Troy Weaver

New Orleans Pelicans
- Position: Executive Vice President of basketball operations
- League: NBA

Personal information
- Born: March 1, 1968 (age 58) Washington, D.C.
- Nationality: American

Career information
- High school: Archbishop Carroll (Washington, D.C.)
- Coaching career: 1996–2004

Career history

Coaching
- 1996–1999: Pittsburgh (assistant)
- 1999–2000: New Mexico (assistant)
- 2000–2004: Syracuse (assistant)

= Troy Weaver =

American basketball executive (born 1968)

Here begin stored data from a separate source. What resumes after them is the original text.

Variables (n : nat) (Rad g : R) (U : R -> R).
Hypothesis Hn : (1 <= n)%nat.
Hypothesis HRad : 0 < Rad.
Hypothesis Hg : 0 < g < 1.
Hypothesis HU_derive : forall r, Rad < r -> ex_derive U r.
Hypothesis HdU_derive : forall r, Rad < r -> ex_derive (Derive U) r.
Hypothesis HU_pos : forall r, Rad < r -> 0 < U r.
Hypothesis HU_Rad : filterlim U (at_right Rad) (locally 0).
Hypothesis HdU_Rad : filterlim (Derive U) (at_right Rad) (locally 0).
Hypothesis Hode : forall r, Rad < r -> Derive (Derive U) r =
  beta_of g / 2 * U r + g * Rpower (U r) (g - 1) - drift n r * Derive U r.

Local Notation b := (beta_of g).
Local Notation dU := (Derive U).
Local Notation ddU := (Derive (Derive U)).

Lemma U_is_derive r : Rad < r -> is_derive U r (dU r).
Proof. intros Hr. now apply Derive_correct, HU_derive. Qed.

Lemma dU_is_derive r : Rad < r -> is_derive dU r (ddU r).
Proof. intros Hr. now apply Derive_correct, HdU_derive. Qed.

Lemma at_right_U_pos : at_right Rad (fun r => 0 < U r).
Proof. exists (mkposreal 1 Rlt_0_1). intros r _ Hr. now apply HU_pos. Qed.

Lemma ddU_ge_near_Rad : exists d, 0 < d <= 1 /\
  forall r, Rad < r < Rad + d -> U r < 1 /\ g / 2 <= ddU r.
Proof.
  set (A := drift n Rad + 1 / 2).
  assert (HA : 0 < A) by (pose proof (drift_nonneg n Rad Hn HRad); unfold A; lra).
  destruct (proj1 (filterlim_at_right_Rabs U Rad 0) HU_Rad 1 Rlt_0_1) as [d1 [Hd1 HU1]].
  destruct (proj1 (filterlim_at_right_Rabs dU Rad 0) HdU_Rad (g / (2 * A)))
    as [d2 [Hd2 HdU2]]; [apply Rdiv_lt_0_compat; lra|].
  pose proof (Rmin_l 1 (Rmin d1 d2)). pose proof (Rmin_r 1 (Rmin d1 d2)).
  pose proof (Rmin_l d1 d2). pose proof (Rmin_r d1 d2).
  exists (Rmin 1 (Rmin d1 d2)). split; [split; [apply Rmin_pos; [lra|apply Rmin_pos; lra]|lra]|].
  intros r Hr.
  specialize (HU1 r ltac:(lra)). specialize (HdU2 r ltac:(lra)). pose proof (HU_pos r ltac:(lra)).
  rewrite Rminus_0_r, Rabs_right in HU1 by lra. rewrite Rminus_0_r in HdU2.
  split; [lra|]. rewrite Hode by lra.
  pose proof (Rpower_ge_1 (U r) (g - 1) ltac:(lra) ltac:(lra)).
  pose proof (drift_nonneg n r Hn ltac:(lra)). pose proof (drift_le n Rad r Hn ltac:(lra)).
  assert (Hdrift : Rabs (drift n r * dU r) <= A * (g / (2 * A))).
  { rewrite Rabs_mult, (Rabs_right (drift n r)) by lra.
    apply Rmult_le_compat; try apply Rabs_pos; unfold A in *; lra. }
  replace (A * (g / (2 * A))) with (g / 2) in Hdrift by (field; lra).
  pose proof (Rle_abs (drift n r * dU r)). pose proof (beta_gt_1 g Hg).
  assert (0 <= b / 2 * U r) by nra.
  nra.
Qed.

Lemma dU_pos r : Rad < r -> 0 < dU r.
Proof.
  destruct ddU_ge_near_Rad as [d [Hd Hnear]].
  assert (Hstart : forall x, Rad < x < Rad + d -> 0 < dU x).
  { intros x Hx.
    assert (Hslope : forall y, Rad < y < (Rad + x) / 2 -> dU y <= dU x - g / 4 * (x - Rad)).
    { intros y Hy.
      assert (dU y - g / 2 * y <= dU x - g / 2 * x); [|nra].
      apply (derive_nonneg_le (fun z => dU z - g / 2 * z) (fun z => ddU z - g / 2)); [lra| |].
      - intros z Hz.
        exact (is_derive_minus dU _ z _ _ (dU_is_derive z ltac:(lra)) (is_derive_scal_id _ z)).
      - intros z Hz. specialize (Hnear z ltac:(lra)). lra. }
    pose proof (lim_right_le dU Rad ((Rad + x) / 2) 0 _ ltac:(lra) HdU_Rad Hslope).
    nra. }
  intros Hr.
  set (a := Rad + Rmin d (r - Rad) / 2).
  pose proof (Rmin_l d (r - Rad)). pose proof (Rmin_r d (r - Rad)).
  assert (0 < Rmin d (r - Rad)) by (apply Rmin_pos; lra).
  apply (derive_pos_barrier dU ddU a r 0); [unfold a; lra| | |apply Hstart; unfold a; lra].
  - intros x Hx. apply dU_is_derive. unfold a in Hx; lra.
  - intros x Hx Hneg. rewrite Hode by (unfold a in Hx; lra).
    assert (0 < U x) by (apply HU_pos; unfold a in Hx; lra).
    pose proof (exp_pos ((g - 1) * ln (U x))). pose proof (beta_gt_1 g Hg).
    pose proof (drift_nonneg n x Hn ltac:(unfold a in Hx; lra)).
    assert (drift n x * dU x <= 0) by nra.
    unfold Rpower. nra.
Qed.

Lemma U_le s r : Rad < s <= r -> U s <= U r.
Proof.
  intros Hsr. apply (derive_nonneg_le U dU s r ltac:(lra)).
  - intros x Hx. apply U_is_derive. lra.
  - intros x Hx. left. apply dU_pos. lra.
Qed.

Definition energy r := dU r ^ 2 / 2 - Rpower (U r) g.

(* [drift n Rad + 1/2] bounds [drift n] on [(Rad, Rad + 1)]. *)
Definition energy_gauge r := b / 2 * U r + (drift n Rad + 1 / 2) * dU r.

Lemma energy_is_derive r : Rad < r ->
  is_derive energy r (dU r * (b / 2 * U r - drift n r * dU r)).
Proof.
  intros Hr. pose proof (HU_pos r Hr) as HUr.
  unfold energy, Rpower. auto_derive.
  - repeat split; auto.
  - change (fun x => dU x) with dU. change (fun x => U x) with U.
    pose proof (Rpower_pred_mult (U r) g HUr) as Hpow. unfold Rpower in Hpow.
    rewrite <- Hpow, Hode by lra. unfold Rpower. field. lra.
Qed.

Lemma energy_lim_Rad : filterlim energy (at_right Rad) (locally 0).
Proof.
  assert (Hpow := filterlim_Rpower_0 U g (proj1 Hg) at_right_U_pos HU_Rad).
  assert (H : filterlim (fun r => dU r * dU r * / 2 + -1 * Rpower (U r) g)
                (at_right Rad) (locally (0 * 0 * / 2 + -1 * 0))).
  { apply filterlim_Rplus; apply filterlim_Rmult; try apply filterlim_const.
    - now apply filterlim_Rmult.
    - exact Hpow. }
  replace (0 * 0 * / 2 + -1 * 0) with 0 in H by ring.
  revert H. apply filterlim_ext. intros r. unfold energy. field.
Qed.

Troy Weaver (born March 1, 1968) is an American basketball executive. He is the general manager of the New Orleans Pelicans of the National Basketball Association (NBA).

==Early life==
Weaver attended Archbishop Carroll High School in Washington, D.C. He then attended Prince George's Community College, where he played one season of basketball in 1991.

==Coaching career==
Prior to his collegiate coaching career, Weaver co-founded the DC Assault of the Amateur Athletic Union (AAU) in 1993. He served as the coach of DC Assault from 1993 to 1996, where he amassed an 85–17 record, and helped lead the team to the 1996 AAU Tournament of Champions.

Weaver served as assistant coach for the Pittsburgh Panthers from 1996 until 1999. He then served as assistant coach for the New Mexico Lobos during the 1999–2000 season. Weaver served as assistant coach for Syracuse from 2000 to 2004. The 2003 Syracuse Orangemen won the 2003 NCAA National Championship, led by Carmelo Anthony, who was recruited by Weaver.

==NBA executive==
===Utah Jazz===
Weaver served as the head scout for the Utah Jazz from 2004 until 2007. He was promoted to director of player personnel of the Jazz for the 2007–08 season.

===Oklahoma City Thunder===
On May 9, 2008, Weaver was named assistant general manager for the Oklahoma City Thunder. In his first season with the Thunder in 2008, Weaver pushed for drafting Russell Westbrook with the No. 4 overall pick in the draft, when at the time, Westbrook wasn't projected as an elite prospect. On August 31, 2010, Weaver was promoted to vice president/assistant general manager for the Thunder. He most recently served as vice president of basketball operations during the 2019–20 season.

===Detroit Pistons===
On June 18, 2020, Weaver was named the general manager for the Detroit Pistons. During his tenure, the Pistons compiled a combined record of 54–192 in 3 seasons. The Pistons announced that Weaver had stepped down from his position on June 1, 2024.

===Washington Wizards===
On June 24, 2024, Weaver was hired to serve as a senior advisor for the Washington Wizards.

=== New Orleans Pelicans ===
On April 23, 2025, Weaver was hired to serve as the general manager for the New Orleans Pelicans.